Here's an idea that I think will generate LALR(1) parsers from LR(0) states in a simple way. This idea may be similar to the first step of lane table methods for generating LR(1) parsers from LR(0) states (e.g. phase 1 in The Lane Table Method Of Constructing LR(1) parsers) or may even be identical. I can't tell because my attention span was not enough to decipher that paper.
We start with LR(0) automaton. A reduce/reduce conflict is when in a state we see two or more items of form [T1 -> ... |]
, [T2 -> ... |]
(T1 and T2 may be the same). A shift/reduce conflict is when in a state we see an item of form [T1 -> ...|]
(i.e. a possible reduction) and another item of form [T2 -> ... | t ...]
(i.e. a possible shift, t
is a terminal, T1 and T2 may be the same).

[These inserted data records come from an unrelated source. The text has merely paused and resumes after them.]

(* The map p : alpha |-> t_alpha is a rack morphism onto Q_W, since
   t_(t_beta alpha) = t_beta t_alpha t_beta, so it induces a homomorphism
   Ad(Phi_W) -> Ad(Q_W) that is onto.  Two roots with the same reflection differ
   by a sign, and -alpha = alpha * alpha, so the relation
   e_alpha^-1 e_alpha e_alpha = e_(alpha * alpha) gives e_(-alpha) = e_alpha in
   Ad(Phi_W).  Hence any section q of p induces a well-defined homomorphism
   Ad(Q_W) -> Ad(Phi_W), and it is inverse to the one induced by p. *)

From Pilot Require Import Defs.
From Stdlib Require Import Reals FunctionalExtensionality ClassicalEpsilon.
From mathcomp Require Import all_boot all_algebra.
From mathcomp Require Import Rstruct ring lra.

Set Implicit Arguments.
Unset Strict Implicit.
Unset Printing Implicit Defensive.

Import GRing.Theory.
Local Open Scope ring_scope.

Section AdGroup.

Variables (T : Type) (P : T -> Prop) (op : T -> T -> T).
Hypothesis op_closed : forall x y, P x -> P y -> P (op x y).

Lemma ad_word_cat u v : ad_word P u -> ad_word P v -> ad_word P (u ++ v).
Proof. by move=> Wu Wv; apply/List.Forall_app. Qed.

Lemma adeq_ad_word u v : adeq P op u v -> ad_word P u /\ ad_word P v.
Proof.
elim=> {u v} //.
- by move=> u v _ [].
- by move=> u v w _ [Wu _] _ [_ Ww].
- by move=> a u v b Wa Wb _ [Wu Wv]; split; do !apply: ad_word_cat.
- by move=> x b Px; split; repeat constructor.
- by move=> x y Px Py; split; repeat constructor => //; apply: op_closed.
Qed.

Lemma adeq_cat u u' v v' :
  adeq P op u u' -> adeq P op v v' -> adeq P op (u ++ v) (u' ++ v').
Proof.
move=> Eu Ev; have [Wu Wu'] := adeq_ad_word Eu; have [Wv Wv'] := adeq_ad_word Ev.
apply: (@ad_trans _ _ _ _ (u' ++ v)).
  exact: (ad_cong (a := [::]) (List.Forall_nil _) Wv Eu).
rewrite -[u' ++ v]cats0 -[u' ++ v']cats0 -!catA.
exact: ad_cong Wu' (List.Forall_nil _) Ev.
Qed.

Lemma adeq_letter x y b : P x -> P y ->
  adeq P op [:: (x, true)] [:: (y, true)] -> adeq P op [:: (x, b)] [:: (y, b)].
Proof.
move=> Px Py Exy; case: b => //.
have Wx : ad_word P [:: (x, false)] by repeat constructor.
have Wy : ad_word P [:: (y, false)] by repeat constructor.
(* e_x^-1 = e_x^-1 e_y e_y^-1 = e_x^-1 e_x e_y^-1 = e_y^-1 *)
apply: (@ad_trans _ _ _ _ ([:: (x, false)] ++ [:: (y, true); (y, false)])).
  by rewrite -[X in adeq _ _ X]cats0; apply/ad_sym/adeq_cat;
    [exact: ad_refl | exact: ad_inv].
apply: (@ad_trans _ _ _ _ ([:: (x, false); (x, true)] ++ [:: (y, false)])).
  exact: (ad_cong (b := [::]) Wx (List.Forall_nil _) (adeq_cat (ad_sym Exy) (ad_refl op Wy))).
exact: (adeq_cat (ad_inv op false Px) (ad_refl op Wy)).
Qed.

End AdGroup.

Section AdMorphism.

Variables (T U : Type) (P : T -> Prop) (opT : T -> T -> T).
Variables (Q : U -> Prop) (opU : U -> U -> U) (f : T -> U).
Hypothesis f_in : forall x, P x -> Q (f x).
Hypothesis f_rel : forall x y, P x -> P y ->
  adeq Q opU [:: (f y, false); (f x, true); (f y, true)] [:: (f (opT x y), true)].

Lemma ad_word_map u : ad_word P u -> ad_word Q (map_word f u).
Proof. by elim=> {u} [|z u Pz _ IH] /=; constructor => //; apply: f_in. Qed.

Lemma adeq_map u v : adeq P opT u v -> adeq Q opU (map_word f u) (map_word f v).
Proof.
elim=> {u v}.
- by move=> u Wu; apply/ad_refl/ad_word_map.
- by move=> u v _; apply: ad_sym.
- by move=> u v w _ Euv _; apply: ad_trans.
- by move=> a u v b Wa Wb _ Euv; rewrite /map_word !map_cat; apply: ad_cong;
    rewrite -?/(map_word _ _) //; apply: ad_word_map.
- by move=> x b Px; apply/ad_inv/f_in.
- exact: f_rel.
Qed.

End AdMorphism.

Section GeometricRepresentation.

Variables (S : finType) (m : S -> S -> option nat).
Hypothesis m_diag : forall s, m s s = Some 1%N.
Hypothesis m_sym : forall s t, m s t = m t s.

Local Notation B := (Bform m).
Local Notation t_ := (refl m).

Definition lincomb_morph (f : vec S -> vec S) := forall a u b v,
  f (fun t => a * u t + b * v t) = (fun t => a * f u t + b * f v t).

Definition isometry (f : vec S -> vec S) := forall u v, B (f u) (f v) = B u v.

Lemma Bform_sym u v : B u v = B v u.
Proof.
rewrite /Bform exchange_big; apply: eq_bigr => s _; apply: eq_bigr => t _.
by rewrite /Bcoef m_sym; ring.
Qed.

Lemma Bform_lincombr u a v b w :
  B u (fun t => a * v t + b * w t) = a * B u v + b * B u w.
Proof.
rewrite /Bform !mulr_sumr -big_split; apply: eq_bigr => s _.
by rewrite !mulr_sumr -big_split; apply: eq_bigr => t _ /=; ring.
Qed.

Lemma Bform_lincombl u a v b w :
  B (fun t => a * v t + b * w t) u = a * B v u + b * B w u.
Proof. by rewrite Bform_sym Bform_lincombr !(Bform_sym u). Qed.

Lemma Bform_simple s : B (simple_root s) (simple_root s) = 1.
Proof.
have single (F : S -> R) : \sum_t (if t == s then F t else 0) = F s.
  by rewrite (bigD1 s) //= eqxx big1 ?addr0 // => t /negbTE ->.
rewrite /Bform -[RHS](single (fun=> 1)); apply: eq_bigr => t _.
rewrite /simple_root; case: eqP => [->|_]; last by apply: big1 => u _; ring.
rewrite -[RHS](single (fun=> 1)); apply: eq_bigr => u _; case: eqP => [->|_]; last by ring.
rewrite /Bcoef m_diag /= Rdiv_1_r cos_PI; change (1 * 1 * - - (1 : R) = 1).
by rewrite opprK !mulr1.
Qed.

Lemma reflE a v t : t_ a v t = v t - 2 * B a v * a t.
Proof. by []. Qed.

Lemma refl_lincomb a v : t_ a v = (fun t => 1 * v t + (- (2 * B a v)) * a t).
Proof. by apply: functional_extensionality => t; rewrite reflE; ring. Qed.

Lemma refl_lincomb_morph a : lincomb_morph (t_ a).
Proof.
move=> c u d v; apply: functional_extensionality => t.
by rewrite !reflE Bform_lincombr; ring.
Qed.

Lemma refl_isometry a : B a a = 1 -> isometry (t_ a).
Proof.
move=> Baa u v; rewrite !refl_lincomb Bform_lincombl !Bform_lincombr Baa.
by rewrite (Bform_sym u a); ring.
Qed.

Lemma reflK a : B a a = 1 -> forall v, t_ a (t_ a v) = v.
Proof.
move=> Baa v; apply: functional_extensionality => t.
by rewrite (refl_lincomb a (t_ a v)) refl_lincomb Bform_lincombr Baa /=; ring.
Qed.

Lemma Bform_reflr u a v : B u (t_ a v) = B u v - 2 * B a v * B u a.
Proof. by rewrite refl_lincomb Bform_lincombr; ring. Qed.

Lemma Bform_refll u a v : B (t_ a v) u = B v u - 2 * B a v * B a u.
Proof. by rewrite refl_lincomb Bform_lincombl; ring. Qed.

Lemma refl_conj a b : B b b = 1 -> t_ b \o t_ a \o t_ b = t_ (t_ b a).
Proof.
move=> Bbb; apply: functional_extensionality => v; apply: functional_extensionality => t.
by rewrite /= !reflE !Bform_reflr !Bform_refll Bbb (Bform_sym a b); ring.
Qed.

(* From t_a = t_b, evaluating at a gives a = B(b, a) b, and B(a, a) = 1 forces
   B(b, a) = +-1. *)
Lemma refl_inj_sign a b : B a a = 1 -> B b b = 1 -> t_ a = t_ b ->
  b = a \/ b = (fun t => - a t).
Proof.
move=> Baa Bbb Eab.
have a_prop t : a t = B b a * b t.
  by move: (congr1 (fun f => f a t) Eab); rewrite /= !reflE Baa; lra.
have a_lincomb : a = (fun t => B b a * b t + 0 * b t).
  by apply: functional_extensionality => t; rewrite a_prop; ring.
have : B b a ^+ 2 = 1.
  by rewrite -Baa {2 3}a_lincomb Bform_lincombl !Bform_lincombr Bbb; ring.
move/eqP; rewrite sqrf_eq1 => /orP[] /eqP Bba.
  by left; apply: functional_extensionality => t; rewrite a_prop Bba mul1r.
by right; apply: functional_extensionality => t; rewrite a_prop Bba; ring.
Qed.

Lemma in_W_comp f g : in_W m f -> in_W m g -> in_W m (f \o g).
Proof. by elim=> // s w _ IH Wg; apply/W_gen/IH. Qed.

Lemma in_W_inv f : in_W m f ->
  exists g, [/\ in_W m g, forall v, g (f v) = v & forall v, f (g v) = v].
Proof.
have sigmaK s v : Defs.sigma m s (Defs.sigma m s v) = v by apply/reflK/Bform_simple.
elim=> [|s w _ [g [Wg gK Kg]]]; first by exists id; split => //; apply: W_id.
exists (g \o Defs.sigma m s); split=> [|v|v] /=; rewrite ?sigmaK ?gK ?Kg //.
by apply: in_W_comp Wg (W_gen s (W_id m)).
Qed.

Lemma in_W_lincomb_isometry w : in_W m w -> lincomb_morph w /\ isometry w.
Proof.
elim=> [|s f _ [f_lin f_iso]]; first by [].
split=> [a u b v|u v] /=; first by rewrite f_lin; apply: refl_lincomb_morph.
by rewrite refl_isometry ?Bform_simple.
Qed.
Lemma is_vderive_const c t : is_vderive (fun _ => c) t vzero.
Proof. split; [|split]; apply (is_derive_const (_ : R)). Qed.

Lemma is_vderive_add f g t v w : is_vderive f t v -> is_vderive g t w ->
  is_vderive (fun s => vadd (f s) (g s)) t (vadd v w).
Proof. intros (A & B & C) (D & E & F); split; [|split]; apply is_derive_Rplus; auto. Qed.

Lemma is_vderive_sub f g t v w : is_vderive f t v -> is_vderive g t w ->
  is_vderive (fun s => vsub (f s) (g s)) t (vsub v w).
Proof. intros (A & B & C) (D & E & F); split; [|split]; apply is_derive_Rminus; auto. Qed.

Lemma is_vderive_scale (h : R -> R) f t dh v : is_derive h t dh -> is_vderive f t v ->
  is_vderive (fun s => vscale (h s) (f s)) t (vadd (vscale dh (f t)) (vscale (h t) v)).
Proof. intros H (A & B & C); split; [|split]; apply is_derive_Rmult; auto. Qed.

Lemma is_vderive_scale_const c f t v : is_vderive f t v ->
  is_vderive (fun s => vscale c (f s)) t (vscale c v).
Proof. intros (A & B & C); split; [|split]; apply is_derive_scal; auto. Qed.

Lemma is_vderive_cross f g t v w : is_vderive f t v -> is_vderive g t w ->
  is_vderive (fun s => cross (f s) (g s)) t (vadd (cross v (g t)) (cross (f t) w)).
Proof.
  intros (A & B & C) (D & E & F);
    split; [|split]; (eapply is_derive_eq; [apply is_derive_Rminus; apply is_derive_Rmult; eauto|]);
    simpl; ring.
Qed.

Lemma is_derive_dot f g t v w : is_vderive f t v -> is_vderive g t w ->
  is_derive (fun s => dot (f s) (g s)) t (dot v (g t) + dot (f t) w).
Proof.
  intros (A & B & C) (D & E & F); unfold dot.
  eapply is_derive_eq;
    [apply is_derive_Rplus; [apply is_derive_Rplus|]; apply is_derive_Rmult; eauto|]; simpl; ring.
Qed.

In these cases we want to know the lookaheads of the reduction items as that will potentially allow us resolve some of the conflicts. For example, if we have a reduction that only makes sense when the next token is t1
(e.g. the LR(1) item [T1 -> ...|, t1]
) and a shift of another terminal in the same state (e.g. [T2 -> ... |t2 ...])
, where t2
is not the same as t1
), then this is not a shift/reduce conflict anymore. Similar for reduce/reduce conflicts: when the lookaheads are different the conflict is resolved.
How to generate these lookeahead for these reduce items that are involved in a shift/reduce or reduce/reduce conflict?
Let's consider how lookaheads of LR(1) reduce items are generated:
- The initial item will have
$
(end-of-input) as the lookahead
- An item is generated in one of these two ways:
- By a shift from a previous state. E.g. when in a state we have
[T1 -> ... | t1 ...]
, we generate a new state by "shifting" t1 with initial state [T1 -> ... t1 | ...]
.
- By an "expansion" of a non-terminal in the current state. E.g. we have
[T1 -> ... | T2 ...]
in the current state, for each production in T1, we add the production to the current state.
In LR(1), the lookahead terminal for a state generated with step (1) will have the same lookahead as the "parent" item. (code)
In step (2), the lookahead of the new item will be the "first" set of the parent item's continuation after the expanded non-terminal. Note that when computing this "first" set, we add the parent item's lookead to the end of the item's continuation. E.g. in [T1 -> ... | <rest>, x]
the "continuation" is <rest> x
. (code)
So for each item, we know its dependencies:
- If an item is in form
[T -> ... t | ...]
, then it's generated by step (1) from an item in the previous state.
- If an item is in form
[T -> | ...]
, then it's generated by step (2) from an item in the current state.
It's easy to add parent item to an item when generating it. (TODO: There should be cycles in some cases, find an example?)
With this dependency graph, when we want to know lookahead of a reduction item (i.e. when it's involved in a shift/reduce or reduce/reduce conflict), we go backwards and try to obtain its lookahead.
- If the current item is generated by step (1), we recurse to find the parent's lookahead
- If the current item is generated by step (2), then we find the parent's "first" set after the current item's non-terminal. When the first set contains empty string, we will recurse to the parent's parent to find its lookahead.
I think we might want to add lookaheads to items as we visit them during this recursive process, as the lookahead of an item may be needed to resolve multiple conflicts. (TODO: Find an example?)
Note that this recursive process will return a set of lookaheads, not just a single lookahead. Also, because the dependency graph may have cycles, we need to keep track of visited items to avoid looping. The state at the beginning of this process should have {}
as the lookahead set. At the end of the process the set should be non-empty.
That's it. I think this is probably the same as the lane table method phase 1. Since the number of states will be the same as LR(0) sets of the grammar, this algorithm should give us LALR(1). Lane table method phase 2 is about splitting some of the states/items to recover LR(1).
One of the things that I don't understand about the lane table method is for LR(1) grammars it somehow generates less number of states than Knuth's LR(1) algorithm (which is probably the one we have in parsegen). That suggests that, starting with Knuth's algorithm, we may be able to reduce the number of states without losing power. I don't remember this mentioned before, I thought LR(1) is LR(1) -- the sets are minimal (and huge).